- [Activity] Starting at the top of the data and ending with the line that holds "(* Let $\Gamma$", transcribe each line exactly; include both ends.

- [Collected data]
+ + + + + + +

Lemma lam_count (x : word n) (i : nat) (s : R) :
  (#|[set y : word n | (wtH y == i) && (disc p q y x == s)]|)%:R =
  lam n p q i (wtH x) s.
Proof.
rewrite /lam /Bin !natr_nat /=.
set A := (_ / _); set B := (_ / _).
have dabE y : wtH y = i -> disc p q y x = s ->
    A = (dab true true y x)%:R /\ B = (dab true false y x)%:R.
  by move=> wy dy; rewrite /A /B -wy -dy; exact: dab_of_disc.
have [A_nat | A_nat] := boolP (A \is a Num.nat); last first.
  rewrite mul0r; apply/eqP; rewrite pnatr_eq0 cards_eq0; apply/eqP/setP => y.
  rewrite !inE; apply/negP => /andP[/eqP wy /eqP dy].
  by have [eA _] := dabE y wy dy; rewrite eA natr_nat in A_nat.
have [B_nat | B_nat] := boolP (B \is a Num.nat); last first.
  rewrite mulr0; apply/eqP; rewrite pnatr_eq0 cards_eq0; apply/eqP/setP => y.
  rewrite !inE; apply/negP => /andP[/eqP wy /eqP dy].
  by have [_ eB] := dabE y wy dy; rewrite eB natr_nat in B_nat.
rewrite !natrK -natrM -card_words_by_dab.
have eA := truncnK A_nat; have eB := truncnK B_nat.
congr (_%:R); apply: eq_card => y; rewrite !inE.
apply/andP/andP => [[/eqP wy /eqP dy] | [/eqP d11 /eqP d10]].
  have [e1 e2] := dabE y wy dy.
  by split; rewrite -(eqr_nat R) -?e1 -?e2 ?eA ?eB.
have g1 : g + 1 != 0 by rewrite gt_eqF // ltr_wpDr.
have AB : A + B = i%:R by rewrite /A /B; field.
have d01 : (dab false true y x)%:R = (wtH x)%:R - A :> R.
  by rewrite (wtH_in y x) natrD d11 eA; ring.
split; first by rewrite -(eqr_nat R) (wtH_out y x) natrD d11 d10 eA eB AB.
by apply/eqP; rewrite /disc d01 d10 eB /A /B; field.
Qed.
(* Let $\Gamma$ be a (finite or infinite) bipartite graph with $|V(\Gamma)|\geq 4$. The following are equivalent: (1) $\Gamma$ is a discrete half graph; (2) $P_5\not\leq\Gamma$ and $\Gamma$ is critical.
   Context: A bipartite graph $\Gamma$ with bipartition $\{X,Y\}$ is a half graph if there exist a linear order $L$ on $X$ and a bijection $\varphi:X\to Y$ such that $E(\Gamma)=\{\{x,\varphi(x')\}: x\leq x' \bmod L\}$; such $L$ is unique. A linear order $L$ is discrete if every element that is not the smallest has a predecessor and every element that is not the largest has a successor. A half graph is discrete if the linear order $L$ above is discrete. $P_5$ is the path on 5 vertices; $G\leq H$ means $G$ is isomorphic to an induced subgraph of $H$. A module of a graph is a set $M$ of vertices such that each vertex outside $M$ is adjacent to all or none of $M$; $\emptyset$, $V(\Gamma)$ and singletons are trivial; $\Gamma$ is prime if $|V(\Gamma)|\geq 3$ and all its modules are trivial; a prime graph $\Gamma$ is critical if $\Gamma-v$ is not prime for every vertex $v$. *)

From Stdlib Require Import Arith.
Set Implicit Arguments.

Definition simple_graph (V : Type) (adj : V -> V -> Prop) : Prop :=
  (forall x y, adj x y -> adj y x) /\ (forall x, ~ adj x x).

(* {X, Y} with Y = complement of X is a bipartition: every edge joins X and Y *)
Definition bipartition (V : Type) (adj : V -> V -> Prop) (X : V -> Prop) : Prop :=
  forall x y, adj x y -> (X x <-> ~ X y).

Definition at_least (n : nat) (V : Type) : Prop :=
  exists f : nat -> V, forall i j, i < n -> j < n -> f i = f j -> i = j.

Definition linear_order (T : Type) (le : T -> T -> Prop) : Prop :=
  (forall x, le x x) /\
  (forall x y, le x y -> le y x -> x = y) /\
  (forall x y z, le x y -> le y z -> le x z) /\
  (forall x y, le x y \/ le y x).

Definition strict (T : Type) (le : T -> T -> Prop) (x y : T) : Prop :=
  le x y /\ x <> y.

Definition discrete_order (T : Type) (le : T -> T -> Prop) : Prop :=
  (forall x, (exists y, strict le y x) ->
     exists p, strict le p x /\ forall z, ~ (strict le p z /\ strict le z x)) /\
  (forall x, (exists y, strict le x y) ->
     exists s, strict le x s /\ forall z, ~ (strict le x z /\ strict le z s)).

Definition bijective_fun (A B : Type) (f : A -> B) : Prop :=
  (forall a1 a2, f a1 = f a2 -> a1 = a2) /\ (forall b, exists a, f a = b).

(* Gamma with bipartition {X, Y} (Y = complement of X) is a half graph with
   linear order L on X: there is a bijection phi : X -> Y with
   E = { {x, phi x'} : x <= x' mod L }.  Since every edge joins X and Y
   (bipartition), this amounts to: for x in X and x' in X,
   adj x (phi x') <-> x <= x', with phi bijective. *)
Definition half_graph_with (V : Type) (adj : V -> V -> Prop) (X : V -> Prop)
    (L : {x : V | X x} -> {x : V | X x} -> Prop) : Prop :=
  linear_order L /\
  exists phi : {x : V | X x} -> {y : V | ~ X y},
    bijective_fun phi /\
    forall x x' : {x : V | X x}, adj (proj1_sig x) (proj1_sig (phi x')) <-> L x x'.

Definition discrete_half_graph (V : Type) (adj : V -> V -> Prop) (X : V -> Prop) : Prop :=
  exists L, half_graph_with adj X L /\ discrete_order L.

Definition has_induced_P5 (V : Type) (adj : V -> V -> Prop) : Prop :=
  exists f : nat -> V,
    (forall i j, i < 5 -> j < 5 -> f i = f j -> i = j) /\
    (forall i j, i < 5 -> j < 5 -> (adj (f i) (f j) <-> (S i = j \/ S j = i))).

Definition is_module (V : Type) (adj : V -> V -> Prop) (M : V -> Prop) : Prop :=
  forall v, ~ M v ->
    (forall m, M m -> adj v m) \/ (forall m, M m -> ~ adj v m).

Definition trivial_module (V : Type) (M : V -> Prop) : Prop :=
  (forall v, ~ M v) \/ (forall v, M v) \/ (exists a, forall v, M v <-> v = a).

Definition prime_graph (V : Type) (adj : V -> V -> Prop) : Prop :=
  at_least 3 V /\ forall M : V -> Prop, is_module adj M -> trivial_module M.

Definition delete_vertex (V : Type) (adj : V -> V -> Prop) (v : V) :
    {u : V | u <> v} -> {u : V | u <> v} -> Prop :=
  fun a b => adj (proj1_sig a) (proj1_sig b).

Definition critical_graph (V : Type) (adj : V -> V -> Prop) : Prop :=
  prime_graph adj /\ forall v : V, ~ prime_graph (@delete_vertex V adj v).

From Stdlib Require Import Lia List Classical ProofIrrelevance ClassicalEpsilon.
Import ListNotations.

(* A half graph is a bipartite graph whose neighbourhoods are nested on each side (a chain
   graph), both sides being indexed by one order.
   (1) => (2): nested neighbourhoods exclude an induced 2K2, hence P5; a module with two
   vertices absorbs a matched pair x, phi x and then everything; deleting x makes
   phi (pred x) and phi x twins, or leaves phi x isolated when x is minimal, and dually.
   (2) => (1): in a prime P5-free bipartite graph, the closed neighbourhood of the vertices
   sharing a neighbour with a is a module, which rules out 2K2, so the neighbourhoods of X
   are nested and give the order.  Deleting v leaves a nontrivial module that v splits; it
   yields a vertex on the other side adjacent exactly to {u | N(v) <= N(u)} (this is
   phi v) and, if v is not minimal, a vertex adjacent to the same set minus v, which is
   phi of the predecessor.  Primality forbids twins, so phi is a bijection; the same
   argument on the side Y gives successors. *)

Lemma sig_inj {A : Type} {Q : A -> Prop} {a b : {x : A | Q x}} :
  proj1_sig a = proj1_sig b -> a = b.
Proof. apply eq_sig_hprop; intros; apply proof_irrelevance. Qed.

Lemma at_least_avoid {n : nat} {V : Type} :
  at_least n V -> forall l : list V, length l < n -> exists d, ~ In d l.
Proof.
  intros [f hf] l hl. apply NNPP; intro hcov.
  assert (hincl : incl (map f (seq 0 n)) l).
  { intros d _. apply NNPP; intro hd. apply hcov. now exists d. }
  assert (hnd : NoDup (map f (seq 0 n))).
  { apply NoDup_map_NoDup_ForallPairs; [|apply seq_NoDup].
    intros i j hi hj. apply in_seq in hi, hj. apply hf; lia. }
  pose proof (NoDup_incl_length hnd hincl) as hlen.
  rewrite length_map, length_seq in hlen. lia.
Qed.

Lemma at_least_delete {V : Type} (v : V) :
  at_least 4 V -> at_least 3 {u : V | u <> v}.
Proof.
  intros h4.
  destruct (at_least_avoid h4 [v] ltac:(simpl; lia)) as [d0 h0].
  destruct (at_least_avoid h4 [v; d0] ltac:(simpl; lia)) as [d1 h1].
  destruct (at_least_avoid h4 [v; d0; d1] ltac:(simpl; lia)) as [d2 h2].
  simpl in h0, h1, h2.
  assert (n0 : d0 <> v) by (intro; subst; tauto).
  assert (n1 : d1 <> v) by (intro; subst; tauto).
  assert (n2 : d2 <> v) by (intro; subst; tauto).
  exists (fun k => match k with
                   | 0 => exist _ d0 n0 | 1 => exist _ d1 n1 | _ => exist _ d2 n2 end).
  intros i j hi hj E. apply (f_equal (@proj1_sig _ _)) in E.
  destruct i as [|[|[|i]]]; try lia; destruct j as [|[|[|j]]]; try lia;
    simpl in E; first [reflexivity | exfalso; intuition congruence].
Qed.

Definition nsub {V : Type} (adj : V -> V -> Prop) (u v : V) : Prop :=
  forall z, adj z u -> adj z v.

Definition nested {V : Type} (adj : V -> V -> Prop) (P : V -> Prop) : Prop :=
  forall a c, P a -> P c -> nsub adj a c \/ nsub adj c a.

Section Modules.

Context {V : Type} {adj : V -> V -> Prop}.

Lemma module_mem_of_split {M : V -> Prop} {m1 m2 w : V} :
  is_module adj M -> M m1 -> M m2 -> adj w m1 -> ~ adj w m2 -> M w.
Proof.
  intros hM h1 h2 e1 n2. apply NNPP; intro hw.
  destruct (hM w hw) as [h|h]; [exact (n2 (h m2 h2)) | exact (h m1 h1 e1)].
Qed.

Lemma prime_module_full (M : V -> Prop) a b :
  prime_graph adj -> is_module adj M -> M a -> M b -> a <> b -> forall c, M c.
Proof.
  intros [_ hp] hM ha hb hab c.
  destruct (hp M hM) as [h|[h|[s h]]].
  - now destruct (h a ha).
  - apply h.
  - now destruct hab; rewrite (proj1 (h a) ha), (proj1 (h b) hb).
Qed.

Lemma trivial_module_of_full (M : V -> Prop) :
  (forall a b, M a -> M b -> a <> b -> forall c, M c) -> trivial_module M.
Proof.
  intros hfull.
  destruct (classic (exists a, M a)) as [[a ha]|hno].
  - right. destruct (classic (exists b, M b /\ b <> a)) as [[b [hb hba]]|hone].
    + left. exact (hfull b a hb ha hba).
    + right. exists a. intro v. split; [|now intros ->].
      intro hv. apply NNPP; intro hva. apply hone. now exists v.
  - left. intros v hv. apply hno. now exists v.
Qed.

Lemma prime_no_isolated :
  prime_graph adj -> forall w, exists z, adj w z.
Proof.
  intros hp w. apply NNPP; intro hiso.
  destruct (at_least_avoid (proj1 hp) [w] ltac:(simpl; lia)) as [d hd].
  destruct (at_least_avoid (proj1 hp) [w; d] ltac:(simpl; lia)) as [e he].
  simpl in hd, he.
  assert (hM : is_module adj (fun u => u <> w)).
  { intros u hu. apply NNPP in hu. subst u. right. intros m _ e'. apply hiso. now exists m. }
  refine (prime_module_full _ d e hp hM _ _ _ w eq_refl); intro; subst; tauto.
Qed.

Lemma prime_twins_eq a b :
  prime_graph adj -> nsub adj a b -> nsub adj b a -> a = b.
Proof.
  intros hp hab hba. apply NNPP; intro hne.
  destruct (at_least_avoid (proj1 hp) [a; b] ltac:(simpl; lia)) as [d hd]. simpl in hd.
  assert (hM : is_module adj (fun u => u = a \/ u = b)).
  { intros u _. destruct (classic (adj u a)) as [h|h].
    - left. intros m [-> | ->]; auto.
    - right. intros m [-> | ->]; auto. }
  destruct (prime_module_full _ a b hp hM (or_introl eq_refl) (or_intror eq_refl) hne d)
    as [-> | ->]; tauto.
Qed.

End Modules.

Definition module_off {V : Type} (adj : V -> V -> Prop) (v : V) (M : V -> Prop) : Prop :=
  forall u, u <> v -> ~ M u -> (forall m, M m -> adj u m) \/ (forall m, M m -> ~ adj u m).

Section Deletion.

Context {V : Type} {adj : V -> V -> Prop}.

Lemma delete_twins_not_prime {v : V} (a b : V) :
  a <> v -> b <> v -> a <> b -> (forall u, u <> v -> (adj u a <-> adj u b)) ->
  ~ prime_graph (@delete_vertex V adj v).
Proof.
  intros hav hbv hab htw hp.
  assert (E : exist _ a hav = exist _ b hbv :> {u : V | u <> v}).
  { apply (prime_twins_eq _ _ hp); intros [u hu]; unfold delete_vertex; simpl; apply htw, hu. }
  apply hab. exact (f_equal (@proj1_sig _ _) E).
Qed.
Lemma qaddA : associative qadd.
Proof. by move=> x y z; rewrite -[x]reprK -[y]reprK -[z]reprK !piE addrA. Qed.
Lemma qaddC : commutative qadd.
Proof. by move=> x y; rewrite -[x]reprK -[y]reprK !piE addrC. Qed.
Lemma qadd0 : left_id qzero qadd.
Proof. by move=> x; rewrite -[x]reprK !piE add0r. Qed.
Lemma qaddN : left_inverse qzero qopp qadd.
Proof. by move=> x; rewrite -[x]reprK !piE addNr. Qed.

HB.instance Definition _ := GRing.isZmodule.Build qring qaddA qaddC qadd0 qaddN.

Definition qone : qring := lift_cst qring 1.
Definition qmul := lift_op2 qring *%R.
Canonical pi_qone_morph := PiConst qone.

Lemma pi_qmul : {morph \pi_qring : x y / x * y >-> qmul x y}.
Proof.
move=> x y; unlock qmul; apply/eqP; rewrite piE qequivE; apply/pbP.
apply: tsidealBC.
set x' := repr _; set y' := repr _.
have -> : x' * y' - x * y = (x' - x) * y' + x * (y' - y).
  by rewrite mulrBl mulrBr addrA addrNK.
by apply: tsidealD; [apply: tsidealMr | apply: tsidealMl]; apply: repr_pi.
Qed.
Canonical pi_qmul_morph := PiMorph2 pi_qmul.

Lemma qmulA : associative qmul.
Proof. by move=> x y z; rewrite -[x]reprK -[y]reprK -[z]reprK !piE mulrA. Qed.
Lemma qmul1 : left_id qone qmul.
Proof. by move=> x; rewrite -[x]reprK !piE mul1r. Qed.
Lemma qmulr1 : right_id qone qmul.
Proof. by move=> x; rewrite -[x]reprK !piE mulr1. Qed.
Lemma qmulDl : left_distributive qmul +%R.
Proof.
move=> x y z; rewrite -[x]reprK -[y]reprK -[z]reprK.
by rewrite /GRing.add /= !piE mulrDl.
Qed.
Lemma qmulDr : right_distributive qmul +%R.
Proof.
move=> x y z; rewrite -[x]reprK -[y]reprK -[z]reprK.
by rewrite /GRing.add /= !piE mulrDr.
Qed.

HB.instance Definition _ := GRing.Zmodule_isPzRing.Build qring
  qmulA qmul1 qmulr1 qmulDl qmulDr.

Definition qpi : S -> qring := \pi_qring.

Lemma qpiP x y : (qpi x = qpi y) <-> J (x - y).
Proof.
rewrite /qpi; split => [/eqP|h]; first by rewrite piE qequivE => /pbP.
by apply/eqP; rewrite piE qequivE; apply/pbP.
Qed.

End QuotRing.

Section QuotMorph.
Variables (S : pzRingType) (J : tsideal S).
Lemma qpiD x y : qpi J (x + y) = qpi J x + qpi J y.
Proof. by rewrite /qpi [RHS]/GRing.add /= piE. Qed.
Lemma qpiM x y : qpi J (x * y) = qpi J x * qpi J y.
Proof. by rewrite /qpi [RHS]/GRing.mul /= piE. Qed.
Lemma qpiN x : qpi J (- x) = - qpi J x.
Proof. by rewrite /qpi [RHS]/GRing.opp /= piE. Qed.
Lemma qpi0 : qpi J 0 = 0.
Proof. by rewrite /qpi [RHS]/GRing.zero /= piE. Qed.
Lemma qpi_surj (y : qring J) : exists x, qpi J x = y.
Proof. by exists (repr y); rewrite /qpi reprK. Qed.
End QuotMorph.

Section GenIdeal.
Variables (S : pzRingType) (x : S).
Definition genmem (a : S) : Prop :=
  exists s : seq (S * S), a = \sum_(p <- s) p.1 * x * p.2.
Lemma gen0 : genmem 0. Proof. by exists [::]; rewrite big_nil. Qed.
Lemma genB a b : genmem a -> genmem b -> genmem (a - b).
Proof.
move=> [s ->] [t ->]; exists (s ++ [seq (- p.1, p.2) | p <- t]).
by rewrite big_cat big_map /= -sumrN; congr (_ + _); apply: eq_bigr => p _;
  rewrite !mulNr.
Qed.
Lemma genMl c a : genmem a -> genmem (c * a).
Proof.
move=> [s ->]; exists [seq (c * p.1, p.2) | p <- s].
by rewrite big_map mulr_sumr; apply: eq_bigr => p _; rewrite !mulrA.
Qed.
Lemma genMr c a : genmem a -> genmem (a * c).
Proof.
move=> [s ->]; exists [seq (p.1, p.2 * c) | p <- s].
by rewrite big_map mulr_suml; apply: eq_bigr => p _; rewrite !mulrA.
Qed.
Definition genideal : tsideal S := TSIdeal gen0 genB genMl genMr.
End GenIdeal.

Section ImageIdeal.
Variables (S : pzRingType) (J K : tsideal S).
Definition imgmem (y : qring J) : Prop := exists2 a, K a & qpi J a = y.
Lemma img0 : imgmem 0. Proof. by exists 0; [apply: tsideal0 | apply: qpi0]. Qed.
Lemma imgB a b : imgmem a -> imgmem b -> imgmem (a - b).
Proof.
move=> [u hu <-] [v hv <-]; exists (u - v); first exact: tsidealB.
by rewrite qpiD qpiN.
Qed.
Lemma imgMl c a : imgmem a -> imgmem (c * a).
Proof.
move=> [u hu <-]; have [c' <-] := qpi_surj c.
by exists (c' * u); [apply: tsidealMl | rewrite qpiM].
Qed.
Lemma imgMr c a : imgmem a -> imgmem (a * c).
Proof.
move=> [u hu <-]; have [c' <-] := qpi_surj c.
by exists (u * c'); [apply: tsidealMr | rewrite qpiM].
Qed.
Definition imgideal : tsideal (qring J) := TSIdeal img0 imgB imgMl imgMr.
End ImageIdeal.

Section IdealModule.
Variables (S : pzRingType) (L : tsideal S).
Definition Lpred : {pred S} := fun x => pb (L x).
Lemma Lpred_zmod : zmod_closed Lpred.
Proof.
split; first by apply/pbP; apply: tsideal0.
by move=> x y /pbP hx /pbP hy; apply/pbP; apply: tsidealB.
Qed.
HB.instance Definition _ := GRing.isZmodClosed.Build S Lpred Lpred_zmod.
Record idealmod := IdealMod { imval :> S; _ : Lpred imval }.
HB.instance Definition _ := [isSub for imval].
HB.instance Definition _ := [Choice of idealmod by <:].
HB.instance Definition _ := [SubChoice_isSubZmodule of idealmod by <:].
Lemma iscale_subproof (a : S) (m : idealmod) : Lpred (a * val m).
Proof. by case: m => m h /=; apply/pbP; apply: tsidealMl; apply/pbP. Qed.
Definition iscale a m := IdealMod (iscale_subproof a m).
Lemma iscaleA a b m : iscale a (iscale b m) = iscale (a * b) m.
Proof. by apply: val_inj; rewrite /= mulrA. Qed.
Lemma iscale1 : left_id 1 iscale.
Proof. by move=> m; apply: val_inj; rewrite /= mul1r. Qed.
Lemma iscaleDr : right_distributive iscale +%R.
Proof. by move=> a m n; apply: val_inj; rewrite /= mulrDr. Qed.
Lemma iscaleDl m : {morph iscale^~ m : a b / a + b}.
Proof. by move=> a b; apply: val_inj; rewrite /= mulrDl. Qed.
HB.instance Definition _ := GRing.Zmodule_isLmodule.Build S idealmod
  iscaleA iscale1 iscaleDr iscaleDl.
End IdealModule.

Record idempotent (S : pzRingType) := Idempotent {
  idem_val :> S; idem_idem : idem_val * idem_val = idem_val }.

Section Corner.
Variables (S : pzRingType) (e0 : idempotent S).
Local Notation e := (idem_val e0).
Definition cpred : {pred S} := fun x : S => e * x * e == x.
Lemma cpred_zmod : zmod_closed cpred.
Proof.
split; first by rewrite unfold_in /cpred /= mulr0 mul0r.
by move=> x y; rewrite !unfold_in /cpred /= => /eqP hx /eqP hy; apply/eqP; rewrite mulrBr mulrBl hx hy.
Qed.
HB.instance Definition _ := GRing.isZmodClosed.Build S cpred cpred_zmod.
Record corner := Corner { cval :> S; _ : cpred cval }.
HB.instance Definition _ := [isSub for cval].
HB.instance Definition _ := [Choice of corner by <:].
HB.instance Definition _ := [SubChoice_isSubZmodule of corner by <:].
Lemma cone_subproof : cpred e.
Proof. by rewrite /cpred !idem_idem. Qed.
Definition cone := Corner cone_subproof.
Lemma cmul_subproof (x y : corner) : cpred (val x * val y).
Proof.
case: x => x hx'; case: y => y hy' /=; have hx := eqP hx'; have hy := eqP hy'; apply/eqP.
have ex : e * x = x by rewrite -{1}hx !mulrA idem_idem.
have ye : y * e = y by rewrite -{1}hy -!mulrA idem_idem !mulrA.
by rewrite !mulrA ex -mulrA ye.
Qed.
Definition cmul x y := Corner (cmul_subproof x y).
Lemma cmulA : associative cmul.
Proof. by move=> x y z; apply: val_inj; rewrite /= mulrA. Qed.
Lemma cmul1 : left_id cone cmul.
Proof. by move=> [x hx']; have hx := eqP hx'; apply: val_inj; rewrite /= -{1}hx !mulrA idem_idem. Qed.
Lemma cmulr1 : right_id cone cmul.
Proof. by move=> [x hx']; have hx := eqP hx'; apply: val_inj; rewrite /= -{1}hx -!mulrA idem_idem !mulrA. Qed.
Lemma cmulDl : left_distributive cmul +%R.
Proof. by move=> x y z; apply: val_inj; rewrite /= mulrDl. Qed.
Lemma cmulDr : right_distributive cmul +%R.
Proof. by move=> x y z; apply: val_inj; rewrite /= mulrDr. Qed.
HB.instance Definition _ := GRing.Zmodule_isPzRing.Build corner
  cmulA cmul1 cmulr1 cmulDl cmulDr.
End Corner.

+ + + + + + +

- [Exercise response]
Lemma lam_count (x : word n) (i : nat) (s : R) :
  (#|[set y : word n | (wtH y == i) && (disc p q y x == s)]|)%:R =
  lam n p q i (wtH x) s.
Proof.
rewrite /lam /Bin !natr_nat /=.
set A := (_ / _); set B := (_ / _).
have dabE y : wtH y = i -> disc p q y x = s ->
    A = (dab true true y x)%:R /\ B = (dab true false y x)%:R.
  by move=> wy dy; rewrite /A /B -wy -dy; exact: dab_of_disc.
have [A_nat | A_nat] := boolP (A \is a Num.nat); last first.
  rewrite mul0r; apply/eqP; rewrite pnatr_eq0 cards_eq0; apply/eqP/setP => y.
  rewrite !inE; apply/negP => /andP[/eqP wy /eqP dy].
  by have [eA _] := dabE y wy dy; rewrite eA natr_nat in A_nat.
have [B_nat | B_nat] := boolP (B \is a Num.nat); last first.
  rewrite mulr0; apply/eqP; rewrite pnatr_eq0 cards_eq0; apply/eqP/setP => y.
  rewrite !inE; apply/negP => /andP[/eqP wy /eqP dy].
  by have [_ eB] := dabE y wy dy; rewrite eB natr_nat in B_nat.
rewrite !natrK -natrM -card_words_by_dab.
have eA := truncnK A_nat; have eB := truncnK B_nat.
congr (_%:R); apply: eq_card => y; rewrite !inE.
apply/andP/andP => [[/eqP wy /eqP dy] | [/eqP d11 /eqP d10]].
  have [e1 e2] := dabE y wy dy.
  by split; rewrite -(eqr_nat R) -?e1 -?e2 ?eA ?eB.
have g1 : g + 1 != 0 by rewrite gt_eqF // ltr_wpDr.
have AB : A + B = i%:R by rewrite /A /B; field.
have d01 : (dab false true y x)%:R = (wtH x)%:R - A :> R.
  by rewrite (wtH_in y x) natrD d11 eA; ring.
split; first by rewrite -(eqr_nat R) (wtH_out y x) natrD d11 d10 eA eB AB.
by apply/eqP; rewrite /disc d01 d10 eB /A /B; field.
Qed.
(* Let $\Gamma$ be a (finite or infinite) bipartite graph with $|V(\Gamma)|\geq 4$. The following are equivalent: (1) $\Gamma$ is a discrete half graph; (2) $P_5\not\leq\Gamma$ and $\Gamma$ is critical.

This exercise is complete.